Jaki ogromny krzaczek! :)
OdpowiedzUsuńU mnie jest sporo bazylii na balkonie i tez dodaję ją do czego mogę .... teraz wylądowała akurat w hummusie :)
Prawdziwie dorodny ten krzaczek otrzymałaś! :D Po zobaczeniu tego przepisu na pesto aż bym zjadła z makaronem i kurczakiem, także chyba będę musiała wybrać się po bazylię do sklepu. A powiedz mi jak z przechowywaniem tego pesto, trzymać w lodówce?
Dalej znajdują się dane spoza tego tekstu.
(* Let $p(x) \in \mathbb{R}[x]$ be a non-constant real-rooted polynomial. Let $P(x) = \int_0^x p(y)\,dy$ and let $C \in \mathbb{R}$. Then $P(x)+C$ is real-rooted if and only if for every root $\mu$ of $p(x)$ we have: $P(\mu)+C \geq 0$ if $p'(\mu) < 0$; $P(\mu)+C \leq 0$ if $p'(\mu) > 0$; and $P(\mu)+C = 0$ if $p'(\mu) = 0$.
   Context: A nonzero polynomial $p(x) \in \mathbb{R}[x]$ is called real-rooted if every complex root of $p(x)$ is real. $p'(x)$ denotes the derivative of $p(x)$. *)

From mathcomp Require Import all_boot all_order all_algebra all_reals.
From mathcomp Require Import complex.
Set Implicit Arguments. Unset Strict Implicit. Unset Printing Implicit Defensive.
Import Order.TTheory GRing.Theory Num.Theory.
Local Open Scope ring_scope.

Definition real_rooted (R : rcfType) (p : {poly R}) : Prop :=
  p != 0 /\
  forall z : R[i], root (map_poly (fun x : R => x%:C%C) p) z -> complex.Im z = 0.

(* P(x) = \int_0^x p(y) dy, i.e. the antiderivative of p with P(0) = 0:
   coefficient i+1 of P is p_i / (i+1), constant coefficient 0. *)
Definition poly_prim (R : fieldType) (p : {poly R}) : {poly R} :=
  \poly_(i < (size p).+1) (if i is j.+1 then p`_j / (j.+1)%:R else 0).

(* Write Q = P + C, so that Q' = p and Q'' = p'; Q is real-rooted iff it has deg p + 1
   real roots counted with multiplicity.
   If Q is real-rooted and mu is a root of p with Q(mu) <> 0, Rolle's theorem applied to
   the roots of Q on either side of mu gives deg p - 1 roots of p other than mu.  So mu
   cannot be a double root of p; and if Q(mu) and p'(mu) had the same sign, the mean
   value theorem between mu and the nearest root of Q on its left (if there is none,
   Rolle already gives deg p roots other than mu) would give one root of p too many.
   Conversely, sweep the roots of p from left to right.  A root a of p with Q(a) = 0 is a
   root of Q of multiplicity one more than in p; at the other roots of p, which are
   simple, Q and p' have opposite signs.  This forces Q to change sign between two
   consecutive roots of the second kind, and beyond the extreme roots when these are of
   the second kind (compare with the sign of Q at infinity), which yields the missing
   roots of Q. *)

From mathcomp Require Import all_boot all_order all_algebra all_reals.
From mathcomp Require Import complex polyorder polyrcf.
From mathcomp Require Import zify lra.
Import Order.TTheory GRing.Theory Num.Theory Num.Def.
Local Open Scope ring_scope.
Set Implicit Arguments. Unset Strict Implicit. Unset Printing Implicit Defensive.

Local Notation prodXsubC s := (\prod_(x <- s) ('X - x%:P)).

Lemma filter_pred1_nseq (T : eqType) (s : seq T) x :
  filter (pred1 x) s = nseq (count_mem x s) x.
Proof. by rewrite -size_filter; apply/all_pred1P; apply: filter_all. Qed.

Section OrderedSeq.

Variables (d : Order.disp_t) (T : orderType d).
Implicit Types (s : seq T) (x : T).
Local Open Scope order_scope.

Lemma exists_min_seq s : s != [::] -> exists2 m, m \in s & all (>= m) s.
Proof.
elim: s => // x [|y s] IH _; first by exists x; rewrite ?mem_seq1 //= lexx.
have [m ms mle] := IH isT; have [xm|mx] := leP x m.
  exists x; first exact: mem_head.
  by apply/allP => z /predU1P[->|/(allP mle)/(le_trans xm)].
exists m; first by rewrite inE ms orbT.
by apply/allP => z /predU1P[->|/(allP mle)//]; apply: ltW.
Qed.

Lemma count_leE s x : count (<= x) s = (count (< x) s + count_mem x s)%N.
Proof. by elim: s => //= y s ->; rewrite le_eqVlt; case: ltgtP => //=; lia. Qed.

End OrderedSeq.

Lemma exists_max_seq (d : Order.disp_t) (T : orderType d) (s : seq T) :
  s != [::] -> exists2 m, m \in s & all (<= m)%O s.
Proof. by move=> s0; have [m ms mle] := @exists_min_seq _ T^d s s0; exists m. Qed.

Section ProdXsubC.

Variable R : realFieldType.
Implicit Types (s u v : seq R) (q : {poly R}) (a x : R).
(* Let $\mathcal{C}$ be a binary $[n,n/2]$ even formally self-dual code, and let $f_{\mathcal{C}}(t)=W_{\mathcal{C}}(\sqrt{1+t},\sqrt{1-t})$ for $0<t<1$. Then $$f_{\mathcal{C}}(t)=2^{n/2}\sum_{r=0}^{\lfloor n/8\rfloor}a_r\,(t^4-t^2+1)^r,$$ where $a_r\in\mathbb{Q}$ and $\sum_{r=0}^{\lfloor n/8\rfloor}a_r=1$.
   Context: For a binary linear code $\mathcal{C}\subseteq\mathbb{F}_2^n$, $W_{\mathcal{C}}(x,y)=\sum_{w=0}^n A_w x^{n-w}y^w$ with $A_w$ the number of codewords of Hamming weight $w$. $\mathcal{C}$ is formally self-dual if $W_{\mathcal{C}}=W_{\mathcal{C}^\perp}$, and even if all codewords have even Hamming weight. *)

From HB Require Import structures.
From mathcomp Require Import all_boot all_order all_algebra.
From mathcomp Require Import reals.
Set Implicit Arguments. Unset Strict Implicit. Unset Printing Implicit Defensive.
Import Order.TTheory GRing.Theory Num.Theory.

Definition hwt n (v : 'rV['F_2]_n) : nat := #|[set i | v ord0 i != 0%R]|.

Definition in_dual n (C : {vspace 'rV['F_2]_n}) (v : 'rV['F_2]_n) : bool :=
  [forall c : 'rV['F_2]_n, (c \in C) ==> (((v *m c^T)%R) ord0 ord0 == 0%R)].

Definition wdist n (C : {vspace 'rV['F_2]_n}) (w : nat) : nat :=
  #|[set c : 'rV['F_2]_n | (c \in C) && (hwt c == w)]|.
Definition wdist_dual n (C : {vspace 'rV['F_2]_n}) (w : nat) : nat :=
  #|[set v : 'rV['F_2]_n | in_dual C v && (hwt v == w)]|.

Definition wenum (R : comRingType) n (C : {vspace 'rV['F_2]_n}) (x y : R) : R :=
  (\sum_(w < n.+1) (wdist C w)%:R * x ^+ (n - w) * y ^+ w)%R.

(* Formally self-dual: W_C = W_{C^perp} as polynomials, i.e. equal coefficients *)
Definition formally_self_dual n (C : {vspace 'rV['F_2]_n}) : Prop :=
  forall w, wdist C w = wdist_dual C w.

Definition even_code n (C : {vspace 'rV['F_2]_n}) : Prop :=
  forall c, c \in C -> ~~ odd (hwt c).

From HB Require Import structures.
From mathcomp Require Import all_boot all_order all_algebra finfield.
From mathcomp Require Import reals Rstruct ring lra zify.
Import Order.TTheory GRing.Theory Num.Theory.
Local Open Scope ring_scope.
Set Implicit Arguments. Unset Strict Implicit. Unset Printing Implicit Defensive.

(* For an even code, W_C(x, y) = g(x^2, y^2) with g := even_wenum C, so
   f_C(t) = g(1 + t, 1 - t) is a polynomial of degree at most n/2. For a formally
   self-dual [n, n/2] code, MacWilliams reads 2^(n/2) W_C(x, y) = W_C(x + y, x - y);
   at x = sqrt(1 + t), y = sqrt(1 - t), homogeneity of g turns this into
   f_C(t) = f_C(sqrt(1 - t^2)). Hence f_C is even, f_C(t) = h(t^2), and h(s) = h(1 - s),
   so h is a polynomial in s^2 - s and f_C = K(t^4 - t^2 + 1) with deg K <= n/8.
   At t = 0 we get K(1) = f_C(0) = |C| = 2^(n/2), i.e. the a_r sum to 1.
   The polynomial identities hold over Q because they hold at every real of (0, 1). *)

Lemma F2_cases (b : 'F_2) : b = 0 \/ b = 1.
Proof. by case: b => [[|[|//]] ?]; [left | right]; apply: val_inj. Qed.

Lemma big_F2 (V : nmodType) (F : 'F_2 -> V) : \sum_(b : 'F_2) F b = F 0 + F 1.
Proof.
rewrite (bigD1 0) //= (bigD1 1) //= big1 ?addr0 // => b /andP[b1 b0].
by case: (F2_cases b) b1 b0 => ->; rewrite eqxx.
Qed.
Jak tak to jak długo może w niej stać?
OdpowiedzUsuńTo moje pierwsze pesto, więc jeszcze nie mam doświadczeń z jego przechowywaniem. Ale z tego co wyczytałam to pesto można zamrażać pod warunkiem, że ser dodamy do niego dopiero po rozmrożeniu, tuż przed użyciem. A drugim sposobem jego przechowywania jest zalanie pesto cienką warstwą oliwy i wstawienie do lodówki - podobno można je tak przechowywać od tygodnia do dwóch. Moje na razie siedzi w lodówce od dwóch dni, ale pewnie w tym tygodniu je zużyję :)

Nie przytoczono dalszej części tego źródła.